*** Source material ***

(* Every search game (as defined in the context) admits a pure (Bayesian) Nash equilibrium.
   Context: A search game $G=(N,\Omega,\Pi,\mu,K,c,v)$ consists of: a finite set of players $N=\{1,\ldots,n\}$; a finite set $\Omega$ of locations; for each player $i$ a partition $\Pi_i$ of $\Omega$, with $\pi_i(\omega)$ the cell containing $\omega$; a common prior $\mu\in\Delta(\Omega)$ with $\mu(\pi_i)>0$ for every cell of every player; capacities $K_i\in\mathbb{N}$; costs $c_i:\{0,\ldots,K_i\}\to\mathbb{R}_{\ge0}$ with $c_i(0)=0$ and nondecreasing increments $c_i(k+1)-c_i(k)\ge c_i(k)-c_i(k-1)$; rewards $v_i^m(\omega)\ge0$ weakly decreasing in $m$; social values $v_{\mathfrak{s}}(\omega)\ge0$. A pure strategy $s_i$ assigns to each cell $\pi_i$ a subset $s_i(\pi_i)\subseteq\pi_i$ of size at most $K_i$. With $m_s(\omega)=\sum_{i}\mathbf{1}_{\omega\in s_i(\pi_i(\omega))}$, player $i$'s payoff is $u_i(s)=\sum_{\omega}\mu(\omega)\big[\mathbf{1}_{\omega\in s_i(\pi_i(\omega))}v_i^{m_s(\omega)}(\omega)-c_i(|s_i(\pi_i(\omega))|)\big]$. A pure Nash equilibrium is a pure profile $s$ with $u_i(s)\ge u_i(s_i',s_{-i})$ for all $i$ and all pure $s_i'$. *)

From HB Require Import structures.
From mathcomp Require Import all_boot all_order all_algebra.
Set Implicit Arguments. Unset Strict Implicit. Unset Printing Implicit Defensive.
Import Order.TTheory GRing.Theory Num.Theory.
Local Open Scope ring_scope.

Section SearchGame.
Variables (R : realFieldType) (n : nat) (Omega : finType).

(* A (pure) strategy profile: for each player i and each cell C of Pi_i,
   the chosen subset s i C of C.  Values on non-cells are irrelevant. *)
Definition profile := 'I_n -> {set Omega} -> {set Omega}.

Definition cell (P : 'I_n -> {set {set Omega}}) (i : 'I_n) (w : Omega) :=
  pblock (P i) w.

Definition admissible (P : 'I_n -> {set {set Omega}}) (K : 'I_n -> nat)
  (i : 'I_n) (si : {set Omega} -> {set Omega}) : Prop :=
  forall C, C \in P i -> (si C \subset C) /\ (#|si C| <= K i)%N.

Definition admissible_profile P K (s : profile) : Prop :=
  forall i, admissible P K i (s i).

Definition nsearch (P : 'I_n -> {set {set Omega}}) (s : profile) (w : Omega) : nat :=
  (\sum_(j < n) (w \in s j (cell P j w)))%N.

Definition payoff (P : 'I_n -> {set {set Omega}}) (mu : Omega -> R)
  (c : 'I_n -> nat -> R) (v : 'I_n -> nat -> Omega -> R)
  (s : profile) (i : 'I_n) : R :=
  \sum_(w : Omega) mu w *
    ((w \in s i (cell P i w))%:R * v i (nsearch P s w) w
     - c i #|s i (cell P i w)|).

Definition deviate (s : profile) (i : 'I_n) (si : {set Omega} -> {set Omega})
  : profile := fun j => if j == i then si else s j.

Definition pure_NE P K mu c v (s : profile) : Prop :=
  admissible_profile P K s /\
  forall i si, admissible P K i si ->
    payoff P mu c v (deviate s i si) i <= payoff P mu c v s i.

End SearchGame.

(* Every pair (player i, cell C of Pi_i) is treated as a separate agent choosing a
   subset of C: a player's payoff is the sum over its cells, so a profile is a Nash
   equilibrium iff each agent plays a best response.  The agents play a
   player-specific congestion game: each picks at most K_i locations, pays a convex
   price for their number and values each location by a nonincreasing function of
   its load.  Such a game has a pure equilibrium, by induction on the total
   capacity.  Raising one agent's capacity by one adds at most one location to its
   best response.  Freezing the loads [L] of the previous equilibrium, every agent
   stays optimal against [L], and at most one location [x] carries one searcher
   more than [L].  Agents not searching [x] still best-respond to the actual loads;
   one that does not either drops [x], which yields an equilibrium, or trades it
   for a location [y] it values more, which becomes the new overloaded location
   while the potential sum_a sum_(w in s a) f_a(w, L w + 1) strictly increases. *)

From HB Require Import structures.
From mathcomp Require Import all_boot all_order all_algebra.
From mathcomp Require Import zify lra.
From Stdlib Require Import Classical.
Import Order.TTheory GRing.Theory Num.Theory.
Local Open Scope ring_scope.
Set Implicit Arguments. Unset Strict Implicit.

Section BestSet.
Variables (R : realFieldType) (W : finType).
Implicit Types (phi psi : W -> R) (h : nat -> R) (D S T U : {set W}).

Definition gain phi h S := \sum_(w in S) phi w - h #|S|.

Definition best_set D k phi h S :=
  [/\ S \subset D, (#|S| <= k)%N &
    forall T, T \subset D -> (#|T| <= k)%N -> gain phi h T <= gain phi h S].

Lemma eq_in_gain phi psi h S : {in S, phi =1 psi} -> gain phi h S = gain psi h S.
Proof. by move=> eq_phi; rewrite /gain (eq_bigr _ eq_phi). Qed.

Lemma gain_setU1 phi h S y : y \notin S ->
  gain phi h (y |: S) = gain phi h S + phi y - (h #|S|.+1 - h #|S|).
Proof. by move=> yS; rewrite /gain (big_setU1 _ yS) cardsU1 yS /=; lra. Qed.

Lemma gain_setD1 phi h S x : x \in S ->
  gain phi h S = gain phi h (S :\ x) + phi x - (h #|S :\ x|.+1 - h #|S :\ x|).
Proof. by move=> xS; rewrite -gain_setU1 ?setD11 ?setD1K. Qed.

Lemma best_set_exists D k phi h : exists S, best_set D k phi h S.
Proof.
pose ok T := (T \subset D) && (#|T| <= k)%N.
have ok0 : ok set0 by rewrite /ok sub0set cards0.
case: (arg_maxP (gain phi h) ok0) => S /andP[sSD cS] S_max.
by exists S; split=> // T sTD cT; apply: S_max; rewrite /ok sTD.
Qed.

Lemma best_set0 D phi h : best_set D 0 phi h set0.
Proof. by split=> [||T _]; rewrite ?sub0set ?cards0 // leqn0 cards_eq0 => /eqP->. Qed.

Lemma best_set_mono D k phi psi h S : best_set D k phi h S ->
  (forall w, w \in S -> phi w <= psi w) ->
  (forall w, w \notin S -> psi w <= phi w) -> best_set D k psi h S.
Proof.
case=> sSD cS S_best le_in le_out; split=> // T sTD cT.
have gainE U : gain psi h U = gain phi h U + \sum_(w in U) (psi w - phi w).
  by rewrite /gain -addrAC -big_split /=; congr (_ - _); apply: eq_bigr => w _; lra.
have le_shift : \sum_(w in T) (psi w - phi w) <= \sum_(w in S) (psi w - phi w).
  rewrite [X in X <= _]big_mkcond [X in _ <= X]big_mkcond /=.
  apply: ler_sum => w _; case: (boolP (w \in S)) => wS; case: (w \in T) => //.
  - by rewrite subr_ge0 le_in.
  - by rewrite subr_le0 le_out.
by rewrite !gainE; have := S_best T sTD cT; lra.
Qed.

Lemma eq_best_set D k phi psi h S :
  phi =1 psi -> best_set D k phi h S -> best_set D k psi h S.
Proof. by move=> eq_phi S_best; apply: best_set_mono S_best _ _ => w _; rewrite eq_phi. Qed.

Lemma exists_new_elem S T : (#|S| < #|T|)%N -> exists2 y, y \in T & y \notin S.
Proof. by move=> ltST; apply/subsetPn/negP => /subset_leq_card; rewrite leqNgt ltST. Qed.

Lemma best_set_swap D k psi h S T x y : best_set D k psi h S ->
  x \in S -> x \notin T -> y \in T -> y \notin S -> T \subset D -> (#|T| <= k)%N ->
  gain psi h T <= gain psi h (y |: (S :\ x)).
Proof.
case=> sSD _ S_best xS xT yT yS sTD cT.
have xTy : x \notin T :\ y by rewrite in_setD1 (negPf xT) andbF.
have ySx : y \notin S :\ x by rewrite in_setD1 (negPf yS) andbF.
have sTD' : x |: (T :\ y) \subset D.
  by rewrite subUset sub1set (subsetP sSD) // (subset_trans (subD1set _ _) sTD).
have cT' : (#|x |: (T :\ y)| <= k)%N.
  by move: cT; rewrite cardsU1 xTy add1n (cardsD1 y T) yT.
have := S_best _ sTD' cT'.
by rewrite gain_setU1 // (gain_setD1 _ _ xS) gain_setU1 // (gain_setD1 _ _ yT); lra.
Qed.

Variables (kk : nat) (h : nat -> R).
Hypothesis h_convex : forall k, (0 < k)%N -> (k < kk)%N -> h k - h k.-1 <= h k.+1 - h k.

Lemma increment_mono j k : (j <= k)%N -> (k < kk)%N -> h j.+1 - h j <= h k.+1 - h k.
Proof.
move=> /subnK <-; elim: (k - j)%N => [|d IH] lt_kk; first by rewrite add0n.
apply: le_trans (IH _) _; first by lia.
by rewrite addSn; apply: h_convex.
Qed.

*** End of Source material ***

### What the task requires
Above are the entries. Quote exactly the lines from the one bearing "have ySx : y" through the one bearing "Hypothesis h_convex : forall".

### Exercise answer
have ySx : y \notin S :\ x by rewrite in_setD1 (negPf yS) andbF.
have sTD' : x |: (T :\ y) \subset D.
  by rewrite subUset sub1set (subsetP sSD) // (subset_trans (subD1set _ _) sTD).
have cT' : (#|x |: (T :\ y)| <= k)%N.
  by move: cT; rewrite cardsU1 xTy add1n (cardsD1 y T) yT.
have := S_best _ sTD' cT'.
by rewrite gain_setU1 // (gain_setD1 _ _ xS) gain_setU1 // (gain_setD1 _ _ yT); lra.
Qed.

Variables (kk : nat) (h : nat -> R).
Hypothesis h_convex : forall k, (0 < k)%N -> (k < kk)%N -> h k - h k.-1 <= h k.+1 - h k.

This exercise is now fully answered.